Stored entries
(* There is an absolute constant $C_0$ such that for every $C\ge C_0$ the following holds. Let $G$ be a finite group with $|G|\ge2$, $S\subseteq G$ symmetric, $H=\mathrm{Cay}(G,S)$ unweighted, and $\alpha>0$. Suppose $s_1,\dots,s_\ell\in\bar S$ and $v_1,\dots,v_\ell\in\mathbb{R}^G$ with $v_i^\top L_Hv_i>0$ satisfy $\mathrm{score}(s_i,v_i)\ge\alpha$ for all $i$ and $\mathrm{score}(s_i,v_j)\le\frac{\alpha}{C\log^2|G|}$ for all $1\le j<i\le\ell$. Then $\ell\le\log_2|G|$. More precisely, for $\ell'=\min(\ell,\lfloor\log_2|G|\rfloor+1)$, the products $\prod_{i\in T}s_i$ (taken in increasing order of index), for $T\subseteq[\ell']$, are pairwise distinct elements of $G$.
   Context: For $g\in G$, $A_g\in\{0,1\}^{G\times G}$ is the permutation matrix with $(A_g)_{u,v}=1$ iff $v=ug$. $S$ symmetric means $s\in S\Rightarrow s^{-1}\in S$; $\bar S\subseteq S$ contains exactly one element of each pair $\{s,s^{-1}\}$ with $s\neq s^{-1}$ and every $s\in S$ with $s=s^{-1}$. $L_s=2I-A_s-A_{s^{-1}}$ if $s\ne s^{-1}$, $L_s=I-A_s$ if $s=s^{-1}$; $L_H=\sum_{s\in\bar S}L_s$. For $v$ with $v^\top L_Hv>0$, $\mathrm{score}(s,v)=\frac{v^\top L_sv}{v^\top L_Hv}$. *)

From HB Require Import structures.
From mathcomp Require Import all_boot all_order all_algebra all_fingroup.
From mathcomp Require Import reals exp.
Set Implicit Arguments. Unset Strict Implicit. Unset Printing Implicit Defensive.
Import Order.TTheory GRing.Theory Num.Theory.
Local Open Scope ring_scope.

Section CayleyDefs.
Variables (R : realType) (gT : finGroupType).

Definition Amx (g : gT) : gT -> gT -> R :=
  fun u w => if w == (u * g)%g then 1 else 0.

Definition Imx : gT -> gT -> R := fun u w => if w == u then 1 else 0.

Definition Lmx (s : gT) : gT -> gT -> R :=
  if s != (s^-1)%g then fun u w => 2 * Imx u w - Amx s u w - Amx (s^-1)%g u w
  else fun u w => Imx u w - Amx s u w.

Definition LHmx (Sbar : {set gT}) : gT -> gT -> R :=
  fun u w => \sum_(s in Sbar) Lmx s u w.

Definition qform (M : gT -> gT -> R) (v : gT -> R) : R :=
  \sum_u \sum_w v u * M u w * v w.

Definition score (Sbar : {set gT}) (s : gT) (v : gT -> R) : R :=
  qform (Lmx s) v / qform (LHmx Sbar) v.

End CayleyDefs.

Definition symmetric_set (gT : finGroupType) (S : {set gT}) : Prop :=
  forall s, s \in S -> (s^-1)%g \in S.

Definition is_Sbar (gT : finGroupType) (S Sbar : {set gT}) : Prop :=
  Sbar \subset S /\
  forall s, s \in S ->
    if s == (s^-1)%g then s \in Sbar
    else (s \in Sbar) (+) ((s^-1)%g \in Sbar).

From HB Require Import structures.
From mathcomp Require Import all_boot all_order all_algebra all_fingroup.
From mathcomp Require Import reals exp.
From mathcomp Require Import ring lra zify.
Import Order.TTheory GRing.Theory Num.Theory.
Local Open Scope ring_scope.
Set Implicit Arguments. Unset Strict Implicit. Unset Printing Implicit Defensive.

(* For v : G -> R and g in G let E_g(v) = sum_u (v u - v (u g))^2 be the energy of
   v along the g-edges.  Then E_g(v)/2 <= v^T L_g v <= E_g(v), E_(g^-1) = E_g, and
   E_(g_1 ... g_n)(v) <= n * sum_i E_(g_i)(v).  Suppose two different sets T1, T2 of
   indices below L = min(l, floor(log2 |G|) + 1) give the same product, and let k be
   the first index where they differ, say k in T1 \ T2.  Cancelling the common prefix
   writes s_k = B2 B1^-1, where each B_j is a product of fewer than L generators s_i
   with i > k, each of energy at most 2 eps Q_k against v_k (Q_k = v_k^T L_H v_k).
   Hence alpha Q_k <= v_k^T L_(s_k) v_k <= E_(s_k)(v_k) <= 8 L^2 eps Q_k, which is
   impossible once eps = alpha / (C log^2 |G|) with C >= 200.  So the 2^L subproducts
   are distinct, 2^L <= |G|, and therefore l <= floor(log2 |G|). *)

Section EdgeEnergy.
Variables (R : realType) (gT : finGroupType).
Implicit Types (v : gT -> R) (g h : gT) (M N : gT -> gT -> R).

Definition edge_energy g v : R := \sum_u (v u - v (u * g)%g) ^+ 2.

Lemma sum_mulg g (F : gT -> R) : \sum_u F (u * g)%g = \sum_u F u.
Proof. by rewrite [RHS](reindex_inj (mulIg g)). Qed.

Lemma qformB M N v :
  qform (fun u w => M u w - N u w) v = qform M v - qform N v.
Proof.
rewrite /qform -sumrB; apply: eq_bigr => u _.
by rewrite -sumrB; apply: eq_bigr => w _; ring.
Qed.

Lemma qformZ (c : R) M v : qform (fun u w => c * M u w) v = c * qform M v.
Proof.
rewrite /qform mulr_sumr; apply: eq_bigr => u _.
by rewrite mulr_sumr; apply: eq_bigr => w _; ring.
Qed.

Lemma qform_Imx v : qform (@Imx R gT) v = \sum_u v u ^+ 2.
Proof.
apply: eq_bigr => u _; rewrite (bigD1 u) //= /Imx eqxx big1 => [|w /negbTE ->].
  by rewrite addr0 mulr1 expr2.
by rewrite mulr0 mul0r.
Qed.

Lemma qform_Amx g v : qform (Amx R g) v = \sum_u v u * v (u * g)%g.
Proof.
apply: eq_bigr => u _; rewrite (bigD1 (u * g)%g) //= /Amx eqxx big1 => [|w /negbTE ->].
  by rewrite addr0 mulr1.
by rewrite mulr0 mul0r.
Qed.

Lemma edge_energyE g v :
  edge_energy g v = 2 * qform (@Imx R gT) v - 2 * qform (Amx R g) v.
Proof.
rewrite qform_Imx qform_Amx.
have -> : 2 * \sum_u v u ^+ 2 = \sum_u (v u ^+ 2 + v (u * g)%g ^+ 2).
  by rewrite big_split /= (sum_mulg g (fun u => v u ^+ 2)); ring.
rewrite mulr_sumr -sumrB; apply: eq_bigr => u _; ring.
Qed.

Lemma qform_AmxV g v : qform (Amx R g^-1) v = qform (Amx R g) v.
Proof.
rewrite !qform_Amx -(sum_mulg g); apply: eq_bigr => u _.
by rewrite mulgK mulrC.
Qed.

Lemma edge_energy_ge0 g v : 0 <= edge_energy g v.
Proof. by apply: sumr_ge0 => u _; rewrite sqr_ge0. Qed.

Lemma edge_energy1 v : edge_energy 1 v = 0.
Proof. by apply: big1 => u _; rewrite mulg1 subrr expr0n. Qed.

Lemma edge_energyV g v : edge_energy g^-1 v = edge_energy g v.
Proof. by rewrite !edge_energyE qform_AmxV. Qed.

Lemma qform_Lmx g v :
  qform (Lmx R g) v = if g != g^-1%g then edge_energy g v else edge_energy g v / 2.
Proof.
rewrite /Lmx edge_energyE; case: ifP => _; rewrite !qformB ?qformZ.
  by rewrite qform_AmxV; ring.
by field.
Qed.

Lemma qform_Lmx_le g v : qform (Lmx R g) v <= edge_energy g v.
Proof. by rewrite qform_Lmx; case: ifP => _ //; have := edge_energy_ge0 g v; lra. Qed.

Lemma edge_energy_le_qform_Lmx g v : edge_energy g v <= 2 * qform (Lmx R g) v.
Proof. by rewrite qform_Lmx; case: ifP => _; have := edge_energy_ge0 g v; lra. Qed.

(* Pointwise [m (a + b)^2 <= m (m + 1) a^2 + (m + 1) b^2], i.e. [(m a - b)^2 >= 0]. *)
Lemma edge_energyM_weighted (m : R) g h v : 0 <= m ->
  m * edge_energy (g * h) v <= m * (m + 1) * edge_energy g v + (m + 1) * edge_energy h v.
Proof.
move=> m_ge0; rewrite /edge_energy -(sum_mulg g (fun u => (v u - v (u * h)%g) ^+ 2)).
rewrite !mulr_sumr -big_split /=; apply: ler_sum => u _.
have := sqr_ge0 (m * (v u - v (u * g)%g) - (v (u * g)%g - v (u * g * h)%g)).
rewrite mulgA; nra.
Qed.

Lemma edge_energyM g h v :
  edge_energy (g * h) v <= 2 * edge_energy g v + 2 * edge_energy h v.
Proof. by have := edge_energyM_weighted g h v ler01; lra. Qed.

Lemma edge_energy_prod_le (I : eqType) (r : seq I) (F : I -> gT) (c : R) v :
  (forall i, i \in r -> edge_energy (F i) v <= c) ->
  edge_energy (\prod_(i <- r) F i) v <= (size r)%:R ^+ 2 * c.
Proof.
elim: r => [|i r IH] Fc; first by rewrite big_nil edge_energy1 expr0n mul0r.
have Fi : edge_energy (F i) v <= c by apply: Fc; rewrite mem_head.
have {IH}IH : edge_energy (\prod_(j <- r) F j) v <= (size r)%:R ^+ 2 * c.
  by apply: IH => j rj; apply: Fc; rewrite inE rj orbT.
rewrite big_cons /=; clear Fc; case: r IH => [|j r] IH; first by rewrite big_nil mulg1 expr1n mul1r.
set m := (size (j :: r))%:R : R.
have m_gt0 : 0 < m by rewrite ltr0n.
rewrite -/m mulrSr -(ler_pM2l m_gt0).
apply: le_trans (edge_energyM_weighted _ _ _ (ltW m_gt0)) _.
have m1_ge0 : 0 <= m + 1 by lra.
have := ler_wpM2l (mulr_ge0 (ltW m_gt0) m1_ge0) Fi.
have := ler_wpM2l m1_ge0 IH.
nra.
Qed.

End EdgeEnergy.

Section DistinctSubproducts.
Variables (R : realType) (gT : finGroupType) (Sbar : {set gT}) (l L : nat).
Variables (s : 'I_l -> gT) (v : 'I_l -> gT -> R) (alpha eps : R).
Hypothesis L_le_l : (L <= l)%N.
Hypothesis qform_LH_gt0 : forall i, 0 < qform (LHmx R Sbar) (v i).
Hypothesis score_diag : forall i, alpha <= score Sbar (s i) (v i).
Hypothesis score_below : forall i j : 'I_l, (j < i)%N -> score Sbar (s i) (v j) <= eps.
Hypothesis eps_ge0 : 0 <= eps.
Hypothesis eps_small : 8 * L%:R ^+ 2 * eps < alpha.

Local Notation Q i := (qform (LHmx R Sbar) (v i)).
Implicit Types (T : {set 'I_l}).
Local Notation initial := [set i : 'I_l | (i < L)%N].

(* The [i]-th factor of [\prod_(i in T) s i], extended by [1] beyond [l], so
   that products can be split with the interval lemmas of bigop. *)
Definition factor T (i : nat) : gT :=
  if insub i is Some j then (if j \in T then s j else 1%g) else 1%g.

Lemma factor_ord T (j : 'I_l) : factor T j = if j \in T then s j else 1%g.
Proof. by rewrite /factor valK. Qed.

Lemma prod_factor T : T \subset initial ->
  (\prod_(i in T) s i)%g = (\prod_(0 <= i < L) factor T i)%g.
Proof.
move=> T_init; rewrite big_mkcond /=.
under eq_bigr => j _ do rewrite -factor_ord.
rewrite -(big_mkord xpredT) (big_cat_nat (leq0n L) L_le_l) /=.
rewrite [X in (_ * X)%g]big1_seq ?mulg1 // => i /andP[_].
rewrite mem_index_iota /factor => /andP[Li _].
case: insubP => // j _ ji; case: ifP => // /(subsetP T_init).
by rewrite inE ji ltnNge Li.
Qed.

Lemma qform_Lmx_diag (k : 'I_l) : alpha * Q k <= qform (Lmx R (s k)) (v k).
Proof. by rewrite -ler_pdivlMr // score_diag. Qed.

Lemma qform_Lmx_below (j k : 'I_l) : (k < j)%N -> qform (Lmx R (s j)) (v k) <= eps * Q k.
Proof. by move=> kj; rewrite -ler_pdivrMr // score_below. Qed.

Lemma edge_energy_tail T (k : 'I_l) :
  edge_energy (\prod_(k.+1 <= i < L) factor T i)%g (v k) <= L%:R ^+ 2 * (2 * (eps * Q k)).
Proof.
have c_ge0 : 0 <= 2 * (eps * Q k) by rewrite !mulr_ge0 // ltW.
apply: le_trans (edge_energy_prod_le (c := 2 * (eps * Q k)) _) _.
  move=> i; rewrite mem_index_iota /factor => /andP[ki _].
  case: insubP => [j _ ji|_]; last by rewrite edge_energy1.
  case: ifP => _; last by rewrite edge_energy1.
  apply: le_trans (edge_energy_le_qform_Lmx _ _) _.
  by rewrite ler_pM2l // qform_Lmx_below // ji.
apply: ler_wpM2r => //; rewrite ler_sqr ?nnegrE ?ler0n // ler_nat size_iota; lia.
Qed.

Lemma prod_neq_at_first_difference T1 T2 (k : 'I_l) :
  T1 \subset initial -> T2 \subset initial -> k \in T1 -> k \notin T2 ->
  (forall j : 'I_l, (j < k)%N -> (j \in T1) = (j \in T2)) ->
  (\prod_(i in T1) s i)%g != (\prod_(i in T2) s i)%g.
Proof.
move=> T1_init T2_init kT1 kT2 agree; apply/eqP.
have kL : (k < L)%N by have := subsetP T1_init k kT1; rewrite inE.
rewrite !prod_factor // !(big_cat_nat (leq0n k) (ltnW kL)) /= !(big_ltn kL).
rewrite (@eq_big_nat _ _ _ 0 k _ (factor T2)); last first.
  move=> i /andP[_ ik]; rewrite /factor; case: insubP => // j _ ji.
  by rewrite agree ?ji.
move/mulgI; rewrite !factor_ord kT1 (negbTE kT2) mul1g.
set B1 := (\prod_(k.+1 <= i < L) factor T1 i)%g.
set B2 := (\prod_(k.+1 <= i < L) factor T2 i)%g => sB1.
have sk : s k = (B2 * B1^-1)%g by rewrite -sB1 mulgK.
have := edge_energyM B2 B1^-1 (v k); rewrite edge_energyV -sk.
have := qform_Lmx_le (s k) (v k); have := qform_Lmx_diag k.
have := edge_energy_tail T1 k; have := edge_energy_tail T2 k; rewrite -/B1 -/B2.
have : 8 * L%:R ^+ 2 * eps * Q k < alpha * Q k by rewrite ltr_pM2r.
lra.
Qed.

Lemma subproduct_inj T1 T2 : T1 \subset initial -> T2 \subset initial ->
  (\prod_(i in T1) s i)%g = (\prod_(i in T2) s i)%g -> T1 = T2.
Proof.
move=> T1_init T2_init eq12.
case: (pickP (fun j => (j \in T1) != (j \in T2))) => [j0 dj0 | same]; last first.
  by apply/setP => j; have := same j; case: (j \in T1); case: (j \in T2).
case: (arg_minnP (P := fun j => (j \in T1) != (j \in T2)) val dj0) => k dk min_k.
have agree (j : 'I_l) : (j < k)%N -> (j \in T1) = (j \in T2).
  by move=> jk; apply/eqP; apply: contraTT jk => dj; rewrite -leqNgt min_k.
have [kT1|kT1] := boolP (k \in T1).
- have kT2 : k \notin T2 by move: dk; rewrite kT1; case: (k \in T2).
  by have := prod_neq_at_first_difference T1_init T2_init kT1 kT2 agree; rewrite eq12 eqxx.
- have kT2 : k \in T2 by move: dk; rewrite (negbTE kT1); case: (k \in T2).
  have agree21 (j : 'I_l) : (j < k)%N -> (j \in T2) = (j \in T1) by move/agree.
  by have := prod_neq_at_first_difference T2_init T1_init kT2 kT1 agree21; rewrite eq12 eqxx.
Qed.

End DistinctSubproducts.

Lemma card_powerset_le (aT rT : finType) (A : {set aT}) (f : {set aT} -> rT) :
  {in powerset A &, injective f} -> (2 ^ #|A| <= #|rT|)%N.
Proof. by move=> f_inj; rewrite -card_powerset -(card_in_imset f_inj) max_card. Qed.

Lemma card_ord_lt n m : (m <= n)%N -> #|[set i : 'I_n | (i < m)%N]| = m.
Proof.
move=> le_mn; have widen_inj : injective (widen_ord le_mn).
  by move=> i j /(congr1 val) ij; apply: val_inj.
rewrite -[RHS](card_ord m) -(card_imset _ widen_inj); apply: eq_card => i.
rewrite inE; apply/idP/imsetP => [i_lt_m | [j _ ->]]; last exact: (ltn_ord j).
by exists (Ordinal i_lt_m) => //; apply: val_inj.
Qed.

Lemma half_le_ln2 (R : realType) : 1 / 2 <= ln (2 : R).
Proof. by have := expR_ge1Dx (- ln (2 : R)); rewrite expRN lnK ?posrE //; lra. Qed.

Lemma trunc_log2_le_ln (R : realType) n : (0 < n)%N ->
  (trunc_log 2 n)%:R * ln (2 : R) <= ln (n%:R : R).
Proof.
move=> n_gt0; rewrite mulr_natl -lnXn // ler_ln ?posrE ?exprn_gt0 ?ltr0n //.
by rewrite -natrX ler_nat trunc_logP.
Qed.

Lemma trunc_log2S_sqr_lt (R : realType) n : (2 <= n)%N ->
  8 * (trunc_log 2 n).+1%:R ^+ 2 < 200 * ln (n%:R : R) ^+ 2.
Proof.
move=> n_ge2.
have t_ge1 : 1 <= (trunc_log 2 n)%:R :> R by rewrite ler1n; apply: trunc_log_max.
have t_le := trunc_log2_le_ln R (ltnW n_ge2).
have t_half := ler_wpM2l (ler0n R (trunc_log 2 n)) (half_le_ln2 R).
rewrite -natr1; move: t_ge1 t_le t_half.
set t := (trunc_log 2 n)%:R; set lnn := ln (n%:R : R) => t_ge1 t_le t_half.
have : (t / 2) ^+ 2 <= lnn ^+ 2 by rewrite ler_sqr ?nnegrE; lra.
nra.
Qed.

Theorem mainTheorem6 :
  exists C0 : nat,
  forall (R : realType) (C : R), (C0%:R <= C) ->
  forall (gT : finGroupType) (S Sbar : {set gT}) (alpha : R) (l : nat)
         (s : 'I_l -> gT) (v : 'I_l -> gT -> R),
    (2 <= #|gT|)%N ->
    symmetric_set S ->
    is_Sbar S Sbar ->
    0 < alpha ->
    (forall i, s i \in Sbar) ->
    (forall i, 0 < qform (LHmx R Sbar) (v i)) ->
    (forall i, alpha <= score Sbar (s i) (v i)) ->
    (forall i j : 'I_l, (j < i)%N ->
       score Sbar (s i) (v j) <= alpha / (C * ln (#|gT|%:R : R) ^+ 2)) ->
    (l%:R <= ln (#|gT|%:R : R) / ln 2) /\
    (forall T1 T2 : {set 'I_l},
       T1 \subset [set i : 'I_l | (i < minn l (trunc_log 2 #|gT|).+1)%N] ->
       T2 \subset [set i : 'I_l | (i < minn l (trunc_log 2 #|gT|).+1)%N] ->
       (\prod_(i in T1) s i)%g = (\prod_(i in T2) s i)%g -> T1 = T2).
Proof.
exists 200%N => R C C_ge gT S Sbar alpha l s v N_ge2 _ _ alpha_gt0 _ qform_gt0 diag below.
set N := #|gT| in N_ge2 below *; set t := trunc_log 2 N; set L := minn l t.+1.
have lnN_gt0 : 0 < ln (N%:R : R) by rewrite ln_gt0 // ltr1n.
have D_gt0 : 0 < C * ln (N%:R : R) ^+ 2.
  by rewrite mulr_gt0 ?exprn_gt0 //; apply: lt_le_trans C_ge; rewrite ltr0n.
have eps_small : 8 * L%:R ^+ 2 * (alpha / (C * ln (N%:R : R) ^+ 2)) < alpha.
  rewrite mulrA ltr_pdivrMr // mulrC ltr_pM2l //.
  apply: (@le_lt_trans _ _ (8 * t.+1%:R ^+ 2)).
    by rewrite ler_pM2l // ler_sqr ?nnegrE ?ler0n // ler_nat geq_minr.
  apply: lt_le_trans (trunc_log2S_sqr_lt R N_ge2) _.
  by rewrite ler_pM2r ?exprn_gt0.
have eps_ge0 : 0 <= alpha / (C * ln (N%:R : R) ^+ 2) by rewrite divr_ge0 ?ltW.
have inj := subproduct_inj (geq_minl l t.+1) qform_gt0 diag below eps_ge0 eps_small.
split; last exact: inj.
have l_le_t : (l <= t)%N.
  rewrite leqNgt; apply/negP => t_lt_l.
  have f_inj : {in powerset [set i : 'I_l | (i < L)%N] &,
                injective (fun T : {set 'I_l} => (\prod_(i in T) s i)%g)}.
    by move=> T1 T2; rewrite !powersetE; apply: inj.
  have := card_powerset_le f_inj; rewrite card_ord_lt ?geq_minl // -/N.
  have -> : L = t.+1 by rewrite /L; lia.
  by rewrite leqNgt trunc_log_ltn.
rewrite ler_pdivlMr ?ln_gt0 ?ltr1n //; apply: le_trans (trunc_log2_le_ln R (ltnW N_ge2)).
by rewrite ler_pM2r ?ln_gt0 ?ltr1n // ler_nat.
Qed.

WHAT THE TASK ASKS »
When a line in the records holds the string "nnegrE", copy that line.

COMPLETED EXERCISE »
apply: ler_wpM2r => //; rewrite ler_sqr ?nnegrE ?ler0n // ler_nat size_iota; lia.
have : (t / 2) ^+ 2 <= lnn ^+ 2 by rewrite ler_sqr ?nnegrE; lra.
    by rewrite ler_pM2l // ler_sqr ?nnegrE ?ler0n // ler_nat geq_minr.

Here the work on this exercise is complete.